### Directions for this task
Once you reach the line containing "- by move=> z; rewrite inE => /eqP ->; exact: alphaC_gen." in the data below, restate each line word for word up to and including the one containing "ext_eq (@Phih S U".

*** Opening Dataset excerpts ***

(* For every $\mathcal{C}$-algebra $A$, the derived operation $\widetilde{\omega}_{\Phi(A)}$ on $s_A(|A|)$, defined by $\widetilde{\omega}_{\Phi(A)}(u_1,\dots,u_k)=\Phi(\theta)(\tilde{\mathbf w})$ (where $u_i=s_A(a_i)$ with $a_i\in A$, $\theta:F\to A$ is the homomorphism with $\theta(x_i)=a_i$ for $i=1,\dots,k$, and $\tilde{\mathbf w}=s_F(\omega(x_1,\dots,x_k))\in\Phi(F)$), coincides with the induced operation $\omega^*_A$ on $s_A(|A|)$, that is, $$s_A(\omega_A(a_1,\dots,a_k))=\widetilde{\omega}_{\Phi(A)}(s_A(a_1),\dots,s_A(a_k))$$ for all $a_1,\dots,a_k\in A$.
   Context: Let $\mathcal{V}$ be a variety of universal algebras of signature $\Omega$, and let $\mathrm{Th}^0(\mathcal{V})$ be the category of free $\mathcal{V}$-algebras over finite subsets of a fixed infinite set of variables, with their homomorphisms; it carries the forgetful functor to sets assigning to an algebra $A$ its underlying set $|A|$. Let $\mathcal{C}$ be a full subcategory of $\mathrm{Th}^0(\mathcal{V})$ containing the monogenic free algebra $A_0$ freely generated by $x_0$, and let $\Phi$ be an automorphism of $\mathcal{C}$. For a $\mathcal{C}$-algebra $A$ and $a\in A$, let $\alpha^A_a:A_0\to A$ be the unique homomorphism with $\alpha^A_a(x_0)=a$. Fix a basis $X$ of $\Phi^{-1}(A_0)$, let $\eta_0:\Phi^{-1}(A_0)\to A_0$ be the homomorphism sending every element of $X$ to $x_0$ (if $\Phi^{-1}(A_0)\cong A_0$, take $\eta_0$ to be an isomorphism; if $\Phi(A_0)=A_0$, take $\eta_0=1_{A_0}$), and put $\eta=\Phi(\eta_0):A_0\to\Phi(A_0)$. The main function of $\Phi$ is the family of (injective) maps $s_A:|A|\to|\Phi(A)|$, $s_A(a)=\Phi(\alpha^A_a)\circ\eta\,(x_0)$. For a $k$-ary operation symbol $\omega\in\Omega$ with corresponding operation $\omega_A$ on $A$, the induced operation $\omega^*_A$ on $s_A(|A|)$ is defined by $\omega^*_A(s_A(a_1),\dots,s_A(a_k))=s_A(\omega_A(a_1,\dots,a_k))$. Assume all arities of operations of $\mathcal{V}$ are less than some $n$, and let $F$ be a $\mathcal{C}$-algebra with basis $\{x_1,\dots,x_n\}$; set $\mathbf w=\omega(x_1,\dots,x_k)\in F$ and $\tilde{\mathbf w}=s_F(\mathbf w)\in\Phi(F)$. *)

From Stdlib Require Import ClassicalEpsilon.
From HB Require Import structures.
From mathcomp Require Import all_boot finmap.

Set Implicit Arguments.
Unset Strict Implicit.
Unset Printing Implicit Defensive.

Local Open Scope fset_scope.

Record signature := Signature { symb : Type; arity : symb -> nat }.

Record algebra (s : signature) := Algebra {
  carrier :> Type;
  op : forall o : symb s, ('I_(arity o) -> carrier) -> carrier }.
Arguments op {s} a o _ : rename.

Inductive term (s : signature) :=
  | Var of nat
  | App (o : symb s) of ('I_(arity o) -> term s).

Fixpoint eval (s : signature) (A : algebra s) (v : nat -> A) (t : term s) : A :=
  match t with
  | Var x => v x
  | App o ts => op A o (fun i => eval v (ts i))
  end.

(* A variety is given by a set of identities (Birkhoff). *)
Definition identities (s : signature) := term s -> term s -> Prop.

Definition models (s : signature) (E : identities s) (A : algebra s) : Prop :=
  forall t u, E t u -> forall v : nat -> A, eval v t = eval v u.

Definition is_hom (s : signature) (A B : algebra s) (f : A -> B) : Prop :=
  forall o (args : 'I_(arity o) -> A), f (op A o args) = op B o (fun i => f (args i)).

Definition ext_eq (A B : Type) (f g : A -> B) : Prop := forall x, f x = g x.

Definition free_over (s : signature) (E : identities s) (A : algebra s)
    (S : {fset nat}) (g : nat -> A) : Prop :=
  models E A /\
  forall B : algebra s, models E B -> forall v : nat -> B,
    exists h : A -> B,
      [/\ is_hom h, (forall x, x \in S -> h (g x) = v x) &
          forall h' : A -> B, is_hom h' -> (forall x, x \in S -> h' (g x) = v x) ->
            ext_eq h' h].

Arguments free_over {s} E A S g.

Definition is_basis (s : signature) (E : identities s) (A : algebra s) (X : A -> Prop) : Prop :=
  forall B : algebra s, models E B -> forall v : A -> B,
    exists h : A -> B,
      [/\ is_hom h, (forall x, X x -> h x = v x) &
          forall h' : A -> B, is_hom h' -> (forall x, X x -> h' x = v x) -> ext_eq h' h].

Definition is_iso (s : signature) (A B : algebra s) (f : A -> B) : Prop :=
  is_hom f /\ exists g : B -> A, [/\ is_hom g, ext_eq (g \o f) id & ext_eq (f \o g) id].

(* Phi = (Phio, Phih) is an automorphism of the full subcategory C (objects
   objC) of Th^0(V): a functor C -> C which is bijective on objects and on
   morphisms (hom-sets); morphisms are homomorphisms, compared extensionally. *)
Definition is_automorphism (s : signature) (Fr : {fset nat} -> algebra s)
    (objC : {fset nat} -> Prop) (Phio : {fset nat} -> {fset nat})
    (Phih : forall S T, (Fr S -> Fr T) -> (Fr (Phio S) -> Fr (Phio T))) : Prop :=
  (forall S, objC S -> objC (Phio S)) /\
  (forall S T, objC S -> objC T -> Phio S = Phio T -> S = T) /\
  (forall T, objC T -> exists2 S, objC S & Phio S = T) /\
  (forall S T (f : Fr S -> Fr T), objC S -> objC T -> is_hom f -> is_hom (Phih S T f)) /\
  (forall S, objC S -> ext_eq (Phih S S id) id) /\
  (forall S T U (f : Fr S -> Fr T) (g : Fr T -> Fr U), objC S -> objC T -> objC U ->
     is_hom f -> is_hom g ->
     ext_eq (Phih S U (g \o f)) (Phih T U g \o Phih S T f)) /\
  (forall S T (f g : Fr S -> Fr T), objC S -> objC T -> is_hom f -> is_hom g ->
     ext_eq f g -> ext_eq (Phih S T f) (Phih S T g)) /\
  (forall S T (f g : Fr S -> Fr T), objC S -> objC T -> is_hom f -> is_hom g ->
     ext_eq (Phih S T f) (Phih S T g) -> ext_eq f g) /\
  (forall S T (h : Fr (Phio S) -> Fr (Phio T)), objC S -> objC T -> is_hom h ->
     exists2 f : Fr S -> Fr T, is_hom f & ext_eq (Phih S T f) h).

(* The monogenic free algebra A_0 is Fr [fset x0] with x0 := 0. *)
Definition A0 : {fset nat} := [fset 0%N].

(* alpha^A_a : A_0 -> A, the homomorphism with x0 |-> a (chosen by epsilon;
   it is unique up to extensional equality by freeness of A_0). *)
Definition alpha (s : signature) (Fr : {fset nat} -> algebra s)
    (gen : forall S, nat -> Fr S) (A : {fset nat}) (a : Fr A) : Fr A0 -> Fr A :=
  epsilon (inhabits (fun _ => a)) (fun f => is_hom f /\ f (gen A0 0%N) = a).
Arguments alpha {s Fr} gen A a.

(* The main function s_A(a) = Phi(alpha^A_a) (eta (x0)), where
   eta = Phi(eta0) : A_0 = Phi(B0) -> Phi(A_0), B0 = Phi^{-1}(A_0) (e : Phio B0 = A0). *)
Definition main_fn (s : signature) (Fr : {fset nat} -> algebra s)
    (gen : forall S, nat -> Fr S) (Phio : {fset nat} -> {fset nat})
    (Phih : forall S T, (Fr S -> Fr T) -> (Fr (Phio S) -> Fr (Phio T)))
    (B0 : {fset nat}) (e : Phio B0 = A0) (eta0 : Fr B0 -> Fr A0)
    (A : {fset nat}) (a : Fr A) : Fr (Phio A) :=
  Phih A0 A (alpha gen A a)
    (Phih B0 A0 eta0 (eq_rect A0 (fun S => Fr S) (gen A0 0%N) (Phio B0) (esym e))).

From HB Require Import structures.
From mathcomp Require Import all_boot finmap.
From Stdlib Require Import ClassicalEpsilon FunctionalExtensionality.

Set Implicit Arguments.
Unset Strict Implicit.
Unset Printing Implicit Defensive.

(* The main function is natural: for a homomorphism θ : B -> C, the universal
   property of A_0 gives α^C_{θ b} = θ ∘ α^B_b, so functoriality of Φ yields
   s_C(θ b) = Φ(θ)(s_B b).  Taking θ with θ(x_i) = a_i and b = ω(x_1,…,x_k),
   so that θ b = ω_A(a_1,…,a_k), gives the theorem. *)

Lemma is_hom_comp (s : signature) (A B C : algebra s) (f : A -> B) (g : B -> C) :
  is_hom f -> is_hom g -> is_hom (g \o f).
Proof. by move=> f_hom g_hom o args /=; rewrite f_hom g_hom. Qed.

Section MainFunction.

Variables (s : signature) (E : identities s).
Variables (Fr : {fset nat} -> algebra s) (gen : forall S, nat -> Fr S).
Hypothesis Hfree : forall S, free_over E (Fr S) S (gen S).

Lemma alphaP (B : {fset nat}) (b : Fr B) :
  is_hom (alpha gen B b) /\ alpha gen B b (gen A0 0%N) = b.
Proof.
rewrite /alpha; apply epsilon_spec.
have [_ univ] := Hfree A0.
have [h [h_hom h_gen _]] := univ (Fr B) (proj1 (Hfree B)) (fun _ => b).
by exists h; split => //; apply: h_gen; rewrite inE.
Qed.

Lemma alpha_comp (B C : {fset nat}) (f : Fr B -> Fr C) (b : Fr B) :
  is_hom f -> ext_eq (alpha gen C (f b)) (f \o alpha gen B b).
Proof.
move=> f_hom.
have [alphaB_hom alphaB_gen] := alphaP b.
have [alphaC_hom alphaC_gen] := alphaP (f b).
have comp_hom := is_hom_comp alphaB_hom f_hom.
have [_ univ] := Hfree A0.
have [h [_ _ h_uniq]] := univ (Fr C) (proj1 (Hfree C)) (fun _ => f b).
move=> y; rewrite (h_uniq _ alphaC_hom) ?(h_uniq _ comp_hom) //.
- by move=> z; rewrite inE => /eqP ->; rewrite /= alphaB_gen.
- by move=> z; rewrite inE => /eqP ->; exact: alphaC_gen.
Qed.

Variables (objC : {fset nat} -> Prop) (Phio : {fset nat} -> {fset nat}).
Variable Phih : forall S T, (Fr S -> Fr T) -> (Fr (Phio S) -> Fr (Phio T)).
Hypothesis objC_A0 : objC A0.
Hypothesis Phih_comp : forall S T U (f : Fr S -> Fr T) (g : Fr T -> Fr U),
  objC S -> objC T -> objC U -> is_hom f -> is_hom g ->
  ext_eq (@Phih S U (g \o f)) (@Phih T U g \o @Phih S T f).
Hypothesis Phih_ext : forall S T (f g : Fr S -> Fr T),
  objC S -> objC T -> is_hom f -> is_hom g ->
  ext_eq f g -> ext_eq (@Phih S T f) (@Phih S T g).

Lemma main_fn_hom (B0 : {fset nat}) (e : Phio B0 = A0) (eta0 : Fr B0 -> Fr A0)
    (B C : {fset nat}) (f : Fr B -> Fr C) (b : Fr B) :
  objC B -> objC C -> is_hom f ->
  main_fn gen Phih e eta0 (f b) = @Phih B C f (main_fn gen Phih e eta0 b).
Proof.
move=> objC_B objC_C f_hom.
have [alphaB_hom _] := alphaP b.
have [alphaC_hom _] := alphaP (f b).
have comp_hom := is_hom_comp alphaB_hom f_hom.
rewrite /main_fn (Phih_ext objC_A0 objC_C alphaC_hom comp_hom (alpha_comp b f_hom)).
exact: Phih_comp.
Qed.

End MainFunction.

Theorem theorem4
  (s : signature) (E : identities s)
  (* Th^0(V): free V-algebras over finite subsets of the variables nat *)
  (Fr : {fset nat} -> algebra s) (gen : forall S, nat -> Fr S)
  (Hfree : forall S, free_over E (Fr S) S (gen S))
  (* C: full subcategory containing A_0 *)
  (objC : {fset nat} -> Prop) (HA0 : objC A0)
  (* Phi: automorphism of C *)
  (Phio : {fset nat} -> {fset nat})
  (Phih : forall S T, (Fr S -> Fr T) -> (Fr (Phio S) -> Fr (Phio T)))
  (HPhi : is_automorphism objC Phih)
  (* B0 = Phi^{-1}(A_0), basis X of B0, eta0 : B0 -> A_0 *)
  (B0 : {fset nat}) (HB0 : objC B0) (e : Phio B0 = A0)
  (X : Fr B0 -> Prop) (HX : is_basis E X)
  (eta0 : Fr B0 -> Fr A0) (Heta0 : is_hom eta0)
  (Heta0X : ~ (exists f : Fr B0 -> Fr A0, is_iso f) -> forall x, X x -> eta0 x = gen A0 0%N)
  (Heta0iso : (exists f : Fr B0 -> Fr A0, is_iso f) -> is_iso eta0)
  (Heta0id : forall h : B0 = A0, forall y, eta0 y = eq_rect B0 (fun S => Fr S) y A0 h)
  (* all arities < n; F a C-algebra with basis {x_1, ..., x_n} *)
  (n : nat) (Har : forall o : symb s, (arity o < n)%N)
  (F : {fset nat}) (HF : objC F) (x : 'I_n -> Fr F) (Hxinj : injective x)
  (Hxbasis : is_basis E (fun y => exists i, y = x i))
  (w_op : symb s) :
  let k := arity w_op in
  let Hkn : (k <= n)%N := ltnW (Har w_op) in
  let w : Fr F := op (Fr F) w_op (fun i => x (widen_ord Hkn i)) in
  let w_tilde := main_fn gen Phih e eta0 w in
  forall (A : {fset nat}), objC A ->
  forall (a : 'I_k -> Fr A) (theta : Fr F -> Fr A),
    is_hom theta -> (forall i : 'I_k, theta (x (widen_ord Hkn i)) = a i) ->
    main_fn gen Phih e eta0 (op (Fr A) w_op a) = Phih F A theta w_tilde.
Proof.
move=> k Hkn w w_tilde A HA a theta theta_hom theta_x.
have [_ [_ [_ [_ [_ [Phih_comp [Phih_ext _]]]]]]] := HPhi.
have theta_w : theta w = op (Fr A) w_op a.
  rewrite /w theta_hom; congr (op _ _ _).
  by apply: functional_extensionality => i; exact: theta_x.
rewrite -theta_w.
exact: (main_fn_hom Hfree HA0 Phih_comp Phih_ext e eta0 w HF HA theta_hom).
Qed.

*** Closing Dataset excerpts ***

### Reply
- by move=> z; rewrite inE => /eqP ->; exact: alphaC_gen.
Qed.

Variables (objC : {fset nat} -> Prop) (Phio : {fset nat} -> {fset nat}).
Variable Phih : forall S T, (Fr S -> Fr T) -> (Fr (Phio S) -> Fr (Phio T)).
Hypothesis objC_A0 : objC A0.
Hypothesis Phih_comp : forall S T U (f : Fr S -> Fr T) (g : Fr T -> Fr U),
  objC S -> objC T -> objC U -> is_hom f -> is_hom g ->
  ext_eq (@Phih S U (g \o f)) (@Phih T U g \o @Phih S T f).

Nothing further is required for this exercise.